Что же касается математического закона упомянутых уклонений, то его тщетно искали аравитянин Алгазен, поляк Виттелион и немец Кеплер; он был найден Декартом. Говорю — Декартом, и одним Декартом, потому что поздние свидетельства Гюйгенса в пользу его земляка Снеллия не могут быть уважены: иначе надобно совсем отказаться от истории наук.
Математический закон важнее самого явления, потому что он становится источником всех будущих открытий. Посредством аналитических преобразований наблюдатели выводят из него множество других более или менее скрытых и неожиданных явлений; но надобно помнить, что новые открытия только тогда не подлежат сомнению, когда основной закон определен строгими измерениями, без которых нельзя им пользоваться в объяснении явлений, доказанных точнейшими наблюдениями.
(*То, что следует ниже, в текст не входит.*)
Lemma simple_roots_basis :
  all (fun j => lincomb (nth [::] unit_coords j) simple_roots == unit8 j) (iota 0 8).
Proof. by vm_compute. Qed.

Lemma simple_roots_in_E8 :
  all (fun i => Gamma8_seqb (simple_root i) && (dot8 (simple_root i) (simple_root i) == 2))
    (iota 0 8).
Proof. by vm_compute. Qed.

Lemma lincomb_fixed (M : mat8) cs vs :
  {in vs, forall v, M *m vec8 v = vec8 v} ->
  M *m vec8 (lincomb cs vs) = vec8 (lincomb cs vs).
Proof.
have vec8_0 : vec8 (nseq 8 0) = 0 by apply/colP => i; rewrite !mxE nth_nseq if_same.
elim: cs vs => [|c cs IHcs] [|v vs] Mvs //=; rewrite ?vec8_0 ?mulmx0 //.
have vec8_addv8 s t : vec8 (addv8 s t) = vec8 s + vec8 t.
  by apply/colP => i; rewrite !mxE nth_mkseq.
have vec8_scalev8 a s : vec8 (scalev8 a s) = a *: vec8 s.
  by apply/colP => i; rewrite !mxE nth_mkseq.
rewrite !vec8_addv8 !vec8_scalev8 mulmxDr -scalemxAr (Mvs v (mem_head _ _)) IHcs //.
by move=> u vs_u; apply: Mvs; rewrite inE vs_u orbT.
Qed.

Definition fixes_simple_roots (M : mat8) (k : nat) : Prop :=
  forall i, (i < k)%N -> M *m vec8 (simple_root i) = vec8 (simple_root i).

Lemma fixes_simple_roots_eq1 M : fixes_simple_roots M 8 -> M = 1%:M.
Proof.
move=> fixM; apply: eq_mx_unit8 => j; rewrite mul1mx.
have /eqP <- := all_iota_lt simple_roots_basis (ltn_ord j).
apply: lincomb_fixed => _ /(nthP [::]) [i lt_i8 <-]; exact: fixM.
Qed.
(* Let $d\ge0$ and $n>d$ be integers and let $\gamma=(\gamma_1,\dots,\gamma_l)$, $l\ge1$, be a partition with positive parts (i.e. $\gamma\neq(0)$). Enumerate $2^{\{1,\dots,l\}}=\{I_1,\dots,I_{2^l}\}$ with $I_1=\emptyset$. Then $$\lambda_{n,d}(\gamma)=\frac{1}{\prod_{k=1}^{d}m_k(\gamma)!}\sum_{\nu\in N(n,d;\gamma)}\frac{n!}{\nu(I_1)!\,\nu(I_2)!\cdots\nu(I_{2^l})!} =\frac{1}{\prod_{k=1}^{d}m_k(\gamma)!}\sum_{\nu\in N(n,d;\gamma)}\frac{(\nu(I_2)+\cdots+\nu(I_{2^l}))!}{\nu(I_2)!\cdots\nu(I_{2^l})!}\binom{n}{\nu(I_2)+\cdots+\nu(I_{2^l})}.$$
   Context: For a finite set $X$ let $\operatorname{codim}_d(X)=d+1-|X|$. For a finite collection $\{T_1,\dots,T_l\}$ of pairwise distinct finite sets put $\rho_d(\{T_1,\dots,T_l\})=\sum_{i=1}^l\operatorname{codim}_d(T_i)$ (with $\rho_d(\emptyset)=0$) and $D_d(\{T_1,\dots,T_l\})=\operatorname{codim}_d(T_1\cap\cdots\cap T_l)-\rho_d(\{T_1,\dots,T_l\})$. For integers $d\ge0$, $n>d$, $L(n,d)$ is the set of all collections $T$ of subsets of $\{1,\dots,n\}$ such that (i) $D_d(T')>0$ for every $T'\subset T$ with $|T'|>1$, and (ii) $0\le|T_i|\le d$ for every $T_i\in T$. A partition is a weakly decreasing sequence of nonnegative integers. The type of $T=\{T_1,\dots,T_l\}\in L(n,d)$, listed so that $|T_1|\le\cdots\le|T_l|$, is $\gamma_d(T)=(\operatorname{codim}_d(T_1),\dots,\operatorname{codim}_d(T_l))$ (and $\gamma_d(\emptyset)=(0)$). $\lambda_{n,d}(\gamma)$ is the number of $T\in L(n,d)$ with $\gamma_d(T)=\gamma$. $m_k(\gamma)=|\{i:\gamma_i=k\}|$. $N(n,d;\gamma)$ is the set of maps $\nu:2^{\{1,\dots,l\}}\to\mathbb{Z}_{\ge0}$ such that: (1) $\sum_{I:\,i\in I}\nu(I)=d+1-\gamma_i$ for all $i=1,\dots,l$; (2) $\sum_{I':\,I\subset I'}\nu(I')<d+1-\sum_{i\in I}\gamma_i$ for all $I\subset\{1,\dots,l\}$ with $|I|\ge2$; (3) $\sum_{I\in 2^{\{1,\dots,l\}}}\nu(I)=n$. *)

From HB Require Import structures.
From mathcomp Require Import all_boot all_order all_algebra.
Set Implicit Arguments. Unset Strict Implicit. Unset Printing Implicit Defensive.
Import Order.TTheory GRing.Theory Num.Theory.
Вот почему закон преломления света Декарт старался подтвердить чисто математическими соображениями; даже не можно ли предположить, что единственно этим путем дошел он до своего открытия? Ферма опровергал доказательства Декарта и заменил его строжайшим, но, к сожалению, он основался на метафизическом начале, необходимость которого ничем не оправдана. Гюйгенс достиг того же самого закона из принятых им предположений о натуре света. По важности декартова закона, занималась им большая часть геометров XVII столетия, и Ньютон вывел его из общего закона тяготения.
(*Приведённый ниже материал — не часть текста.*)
Lemma tilted_tail_le p mu del th r (m : nat) (sg : bool) :
  0 <= p <= 1 -> mu = p * m%:R -> 0 <= th <= 1 / 2 ->
  th * r = del / 4 -> 2 * mu * th ^+ 2 = del / 8 ->
  (expR (del / 8) - 1) *
    (expR (- th * (spin R sg * mu + r)) * (p * expR (spin R sg * th) + (1 - p)) ^+ m) <= 1.
Proof.
move=> p01 mu_def th01 th_r th_sq.
have mu0 : 0 <= mu by rewrite mu_def; case/andP: p01 => p0 _; exact: mulr_ge0.
have c0 : 0 <= expR (del / 8) - 1.
  rewrite subr_ge0 -[leLHS]expR0 ler_expR -th_sq; have := sqr_ge0 th; nra.
apply: le_trans (ler_wpM2l c0 (tilted_binomial_le r sg p01 mu_def th01)) _.
rewrite th_sq th_r mulrBl mul1r -expRD.
have -> : del / 8 + (del / 8 - del / 4) = 0 by field.
by rewrite expR0 lerBlDr lerDl expR_ge0.
Qed.

(* The tilt is [sqrt (mu del) / (4 mu)]; it is at most 1/2 exactly when [del <= 4 mu]. *)
Lemma chernoff_tilt mu del : 0 < del -> del <= 4 * mu ->
  exists2 th, 0 <= th <= 1 / 2 &
    th * Num.sqrt (mu * del) = del / 4 /\ 2 * mu * th ^+ 2 = del / 8.
Proof.
move=> del0 del_le; have mu0 : 0 < mu by lra.
set r := Num.sqrt (mu * del).
have r2 : r ^+ 2 = mu * del by rewrite sqr_sqrtr // mulr_ge0 // ltW.
have th_sq : 2 * mu * (r / (4 * mu)) ^+ 2 = del / 8.
  by rewrite expr_div_n r2; field; rewrite gt_eqF.
have th0 : 0 <= r / (4 * mu) by rewrite divr_ge0 ?sqrtr_ge0 // mulr_ge0 // ltW.
exists (r / (4 * mu)).
  rewrite th0 /=; have : (r / (4 * mu)) ^+ 2 <= 1 / 4 by nra.
  nra.
split=> //.
by rewrite mulrAC -expr2 r2; field; rewrite gt_eqF.
Qed.

Lemma indicator_le_tilted_tails th th' D mu r : 0 <= th -> 0 <= th' ->
  expR (th' * ((r <= `|D - mu|)%R : nat)%:R)
    <= 1 + (expR th' - 1) * (expR (th * (D - mu - r)) + expR (th * (mu - D - r))).
Proof.
move=> th0 th'0.
have c0 : 0 <= expR th' - 1 by rewrite subr_ge0 -expR0 ler_expR.
have e1 := expR_gt0 (th * (D - mu - r)); have e2 := expR_gt0 (th * (mu - D - r)).
have [dev|_] := leP r `|D - mu|; last by rewrite mulr0 expR0 lerDl mulr_ge0 // addr_ge0 // ltW.
rewrite mulr1 -lerBlDl -[X in X <= _]mulr1 ler_wpM2l //.
have [pos|neg] := lerP 0 (D - mu).
- rewrite ger0_norm // in dev.
  have : 1 <= expR (th * (D - mu - r)) by rewrite -expR0 ler_expR mulr_ge0 ?subr_ge0.
  lra.
- rewrite ltr0_norm // in dev.
  have : 1 <= expR (th * (mu - D - r)) by rewrite -expR0 ler_expR mulr_ge0 // subr_ge0; lra.
  lra.
Qed.

Lemma six_le_expR3 : 6 <= expR 3 :> R.
Proof.
have e1 : 1 + 1 <= expR 1 :> R := expR_ge1Dx 1.
rewrite -[3]mulr1 expRM_natl; apply: le_trans (_ : 2 ^+ 3 <= _).
  by rewrite -natrX ler_nat.
by apply: lerXn2r; rewrite ?nnegrE ?expR_ge0 //; lra.
Qed.

End RealInequalities.

Lemma continuous_at0_dist_le (R : realType) (f : R -> R) (e : R) :
  continuous f -> 0 < e ->
  exists2 eta : R, 0 < eta & forall y, 0 <= y < eta -> `|f y - f 0| <= e.
Proof.
move=> fc e0; have /cvgrPdist_le/(_ e e0)/nbhs_ballP[eta eta0 ball_le] := fc 0.
exists eta => // y /andP[y0 y_lt]; rewrite distrC; apply: ball_le.
by rewrite -ball_normE /ball_ /= sub0r normrN ger0_norm.
Qed.

Lemma dist_bigmax_le (R : realType) (I : finType) (P : pred I) (x : I -> R)
    (f : R -> R) (M eps eta c th : R) :
  (forall y, `|f y| <= M) -> (forall y, 0 <= y < eta -> `|f y - f 0| <= eps) ->
  0 < eta -> 0 < c -> 0 <= th -> 0 <= eps ->
  `|f (\big[Num.max/0]_(i | P i) (c * x i)) - f 0|
    <= eps + 2 * M * expR (- th * (eta / c)) * \sum_(i | P i) expR (th * x i).
Proof.
move=> fM feta eta0 c0 th0 eps0.
have M0 : 0 <= M := le_trans (normr_ge0 _) (fM 0).
have S0 : 0 <= \sum_(i | P i) expR (th * x i) by apply: sumr_ge0 => i _; exact: expR_ge0.
set mx := \big[Num.max/0]_(i | P i) (c * x i).
have mx0 : 0 <= mx by apply/bigmax_geP; left.
have [small|large] := ltP mx eta.
  apply: le_trans (feta mx _) _; first by rewrite mx0.
  by rewrite lerDl mulr_ge0 // mulr_ge0 ?expR_ge0 // mulr_ge0.
have [|[i Pi eta_le]] := bigmax_geP _ _ _ _ large; first lra.
have one_le : 1 <= expR (- th * (eta / c)) * expR (th * x i).
  rewrite -expRD -expR0 ler_expR mulNr addrC subr_ge0 ler_wpM2l //.
  by rewrite ler_pdivrMr // mulrC.
apply: le_trans (_ : 2 * M <= _).
  by apply: le_trans (ler_normB _ _) _; have := fM 0; have := fM mx; lra.
rewrite -[X in X <= _]add0r lerD //.
rewrite -mulrA -[X in X <= _]mulr1 ler_wpM2l ?mulr_ge0 //.
apply: le_trans one_le _; rewrite ler_wpM2l ?expR_ge0 //.
by rewrite (bigD1 i) //= lerDl sumr_ge0 // => j _; exact: expR_ge0.
Qed.

Lemma natr_card_setI_pred (R : nzSemiRingType) (T : finType) (P Q : pred T) :
  #|[set u | P u && Q u]|%:R = \sum_(u | P u) (Q u)%:R :> R.
Proof.
rewrite -sum1_card natr_sum [LHS]big_mkcond [RHS]big_mkcond /=.
by apply: eq_bigr => u _; rewrite inE; case: (P u); case: (Q u).
Qed.

Lemma sum_option_bool (R : nmodType) (F : option bool -> R) :
  \sum_j F j = F None + F (Some true) + F (Some false).
Proof.
rewrite (bigD1 None) //= (bigD1 (Some true)) //= (bigD1 (Some false)) //=.
by rewrite big_pred0 ?addr0 ?addrA // => -[[]|].
Qed.

Lemma set2_inj_disjoint (T : finType) (A B : {set T}) : [disjoint A & B] ->
  {in [pred x : T * T | (x.1 \in A) && (x.2 \in B)] &, injective (fun x => [set x.1; x.2])}.
Proof.
move=> dAB [u v] [u' v'] /andP[/= uA vB] /andP[/= u'A v'B] /= uv_eq.
have : u \in [set u'; v'] by rewrite -uv_eq set21.
have : v \in [set u'; v'] by rewrite -uv_eq set22.
case/set2P=> [vu'|->]; first by move: (disjointFr dAB u'A); rewrite -vu' vB.
by case/set2P=> [->//|uv']; move: (disjointFr dAB uA); rewrite uv' v'B.
Qed.

Section StochasticBlockModel.
Variables (R : realType) (a b : R) (lam : nat -> R) (n N : nat) (cl : 'I_N -> 'I_2).
Local Notation pe := (pedge a b lam n cl).
Local Notation E := (SBMexp a b lam n cl).

Definition edge_weight (e : {set 'I_N}) (present : bool) : R :=
  if #|e| == 2 then (if present then pe e else 1 - pe e) else (if present then 0 else 1).

Lemma edge_weightTF e : edge_weight e true + edge_weight e false = 1.
Proof. by rewrite /edge_weight; case: ifP => _; rewrite ?subrKC ?add0r. Qed.

Lemma SBMprobE G : SBMprob a b lam n cl G = \prod_e edge_weight e (e \in G).
Proof.
rewrite /SBMprob; case: ifP => [/forallP G2 | /negbT].
  rewrite [RHS](bigID (fun e : {set 'I_N} => #|e| == 2)) /= [X in _ * X]big1 ?mulr1.
    by apply: eq_bigr => e e2; rewrite /edge_weight e2.
  move=> e /negbTE e_not2; rewrite /edge_weight e_not2.
  by case: ifP => // eG; move: (G2 e); rewrite eG e_not2.
rewrite negb_forall => /existsP[e]; rewrite negb_imply => /andP[eG /negbTE e_not2].
by rewrite (bigD1 e) //= /edge_weight e_not2 eG mul0r.
Qed.

Lemma SBMexp_prod (H : {set 'I_N} -> bool -> R) :
  E (fun G => \prod_e H e (e \in G)) =
  \prod_e (edge_weight e true * H e true + edge_weight e false * H e false).
Proof.
rewrite bigA_distr /SBMexp; apply: eq_bigr => G _.
by rewrite SBMprobE -big_split; apply: eq_bigr => e _; case: (e \in G).
Qed.

Lemma SBMexp_sum (I : finType) (P : pred I) (F : I -> {set {set 'I_N}} -> R) :
  E (fun G => \sum_(i | P i) F i G) = \sum_(i | P i) E (F i).
Proof. by rewrite /SBMexp; under eq_bigr do rewrite mulr_sumr; exact: exchange_big. Qed.

Lemma SBMexpZ c F : E (fun G => c * F G) = c * E F.
Proof. by rewrite /SBMexp mulr_sumr; apply: eq_bigr => G _; rewrite mulrCA. Qed.

Lemma SBMexpD F1 F2 : E (fun G => F1 G + F2 G) = E F1 + E F2.
Proof. by rewrite /SBMexp -big_split; apply: eq_bigr => G _; rewrite mulrDr. Qed.

Lemma SBMexp1 : E (fun _ => 1) = 1.
Proof.
have := SBMexp_prod (fun _ _ => 1); rewrite big1 // => ->.
by apply: big1 => e _; rewrite !mulr1 edge_weightTF.
Qed.

Lemma SBMexp_cst c : E (fun _ => c) = c.
Proof. by have := SBMexpZ c (fun _ => 1); rewrite SBMexp1 !mulr1. Qed.

Lemma SBMexp_prod_pairs (A B : {set 'I_N}) (phi : 'I_N -> 'I_N -> bool -> R) :
  [disjoint A & B] ->
  E (fun G => \prod_(u in A) \prod_(v in B) phi u v (adj G u v)) =
  \prod_(u in A) \prod_(v in B)
    (pe [set u; v] * phi u v true + (1 - pe [set u; v]) * phi u v false).
Proof.
move=> dAB; pose P (x : 'I_N * 'I_N) := (x.1 \in A) && (x.2 \in B).
have by_pair (F : 'I_N -> 'I_N -> R) : \prod_(u in A) \prod_(v in B) F u v =
    \prod_(e : {set 'I_N}) \prod_(x | P x && ([set x.1; x.2] == e)) F x.1 x.2.
  by rewrite pair_big (partition_big (fun x => [set x.1; x.2]) predT).
pose H e present := \prod_(x | P x && ([set x.1; x.2] == e)) phi x.1 x.2 present.
transitivity (E (fun G => \prod_e H e (e \in G))).
  apply: congr1; apply: funext => G; rewrite by_pair.
  by apply: eq_bigr => e _; apply: eq_bigr => x /andP[_ /eqP <-].
rewrite SBMexp_prod by_pair; apply: eq_bigr => e _.
have [x0 /andP[/andP[x0A x0B] /eqP x0e] | none] :=
  pickP (fun x => P x && ([set x.1; x.2] == e)); last first.
  by rewrite /H !big_pred0 // !mulr1 edge_weightTF.
have only_x0 : (fun x => P x && ([set x.1; x.2] == e)) =1 pred1 x0.
  move=> x /=; apply/idP/eqP => [/andP[Px /eqP xe]|->]; last by rewrite /P x0A x0B x0e eqxx.
  by apply: (set2_inj_disjoint dAB) => //; rewrite ?inE ?x0A ?x0B // xe x0e.
have x0_ne : x0.1 != x0.2 by apply: contraTneq x0B => <-; rewrite (disjointFr dAB x0A).
by rewrite /H !(big_pred1 x0) // /edge_weight -x0e cards2 x0_ne.
Qed.

Lemma SBMexp_prod_sum_pairs (J : finType) (j0 : J) (A B : {set 'I_N})
    (c : 'I_N -> J -> R) (phi : 'I_N -> J -> 'I_N -> bool -> R) :
  [disjoint A & B] ->
  E (fun G => \prod_(u in A) \sum_j (c u j * \prod_(v in B) phi u j v (adj G u v))) =
  \prod_(u in A) \sum_j (c u j * \prod_(v in B)
    (pe [set u; v] * phi u j v true + (1 - pe [set u; v]) * phi u j v false)).
Proof.
move=> dAB; rewrite (big_distr_big j0).
transitivity (E (fun G => \sum_(g in pffun_on j0 (mem A) predT)
    \prod_(u in A) (c u (g u) * \prod_(v in B) phi u (g u) v (adj G u v)))).
  by apply: congr1; apply: funext => G; rewrite (big_distr_big j0).
rewrite SBMexp_sum; apply: eq_bigr => g _.
under eq_fun do rewrite big_split /=.
rewrite SBMexpZ big_split /=; congr (_ * _).
exact: (SBMexp_prod_pairs (fun u => phi u (g u)) dAB).
Qed.

Hypothesis pe01 : forall e, 0 <= pe e <= 1.

Lemma SBMprob_ge0 G : 0 <= SBMprob a b lam n cl G.
Proof.
rewrite SBMprobE; apply: prodr_ge0 => e _; have /andP[p0 p1] := pe01 e.
by rewrite /edge_weight; case: ifP => _; case: (e \in G); rewrite ?subr_ge0.
Qed.

Lemma ler_SBMexp F1 F2 : (forall G, F1 G <= F2 G) -> E F1 <= E F2.
Proof. by move=> le12; apply: ler_sum => G _; rewrite ler_wpM2l ?SBMprob_ge0. Qed.

Lemma SBMexp_norm_le F : `|E F| <= E (fun G => `|F G|).
Proof.
apply: le_trans (ler_norm_sum _ _ _) _; apply: ler_sum => G _.
by rewrite normrM ger0_norm ?SBMprob_ge0.
Qed.

End StochasticBlockModel.

Definition deviates (R : realType) (N : nat) (p del : R) (G : {set {set 'I_N}})
    (B : {set 'I_N}) (u : 'I_N) : bool :=
  Num.sqrt (p * #|B|%:R * del) <= `|#|[set v in B | adj G u v]|%:R - p * #|B|%:R|.

(* The bound of [indicator_le_tilted_tails], written as a sum over [j : option bool] of
   products over the edges, so that it factors through [SBMexp_prod_sum_pairs]: [None] is
   the constant term, [Some true] and [Some false] the upper and lower tails. *)
Definition tilt_coef (R : realType) (c th mu r : R) (j : option bool) : R :=
  if j is Some sg then c * expR (- th * (spin R sg * mu + r)) else 1.

Definition tilt_factor (R : realType) (th : R) (j : option bool) (present : bool) : R :=
  if j is Some sg then (if present then expR (spin R sg * th) else 1) else 1.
В этом состоянии находился вопрос о преломлении, когда один путешественник привез из Исландии в Копенгаген прекрасные кристаллы, собранные им в заливе Роэрфордском. По величине и по замечательной их прозрачности они оказались весьма способными для опытов над преломлением света. Бартолин первый начал заниматься ими и весьма удивился, когда заметил, что свет в исландских кристаллах разделяется на две части, или когда он увидел, что удваиваются все рассматриваемые через них предметы. После того подобные кристаллы были найдены и в других местах, потому что везде много кислоугольной извести. Итак, надобно было начать новые исследования о преломлении; по крайней мере, прежние сделались недостаточными, как относившиеся только к одному лучу, и притом направление и величина раздвоения переменялись различным образом, когда луч переходил из кристалла в кристалл или когда переменялись углы его падения на одну и ту же сторону кристалла. Гюйгенс победил все затруднения и составил общее правило, содержащее в себе подробности явления. Но это правило, несмотря на его изящную простоту, не было принято. В продолжение многих веков уверились, что гипотезы бывают или бесполезны, или обманчивы, и во время Гюйгенса образовалась реакция, которая и в политике и в науках редко удерживается в благоразумных пределах. Гюйгенс основал свое правило на гипотезе, и правило его было отвергнуто без рассмотрения; даже пренебрегли точными его измерениями, как основанными на ложном начале. Сам Ньютон принадлежал к числу противников Гюйгенса и остановил успехи оптики более, нежели на столетие; одни только многочисленные опыты знаменитых членов академии, Волланстона и Малюса, указали правилу Гюйгенса достойное его место в физических теориях.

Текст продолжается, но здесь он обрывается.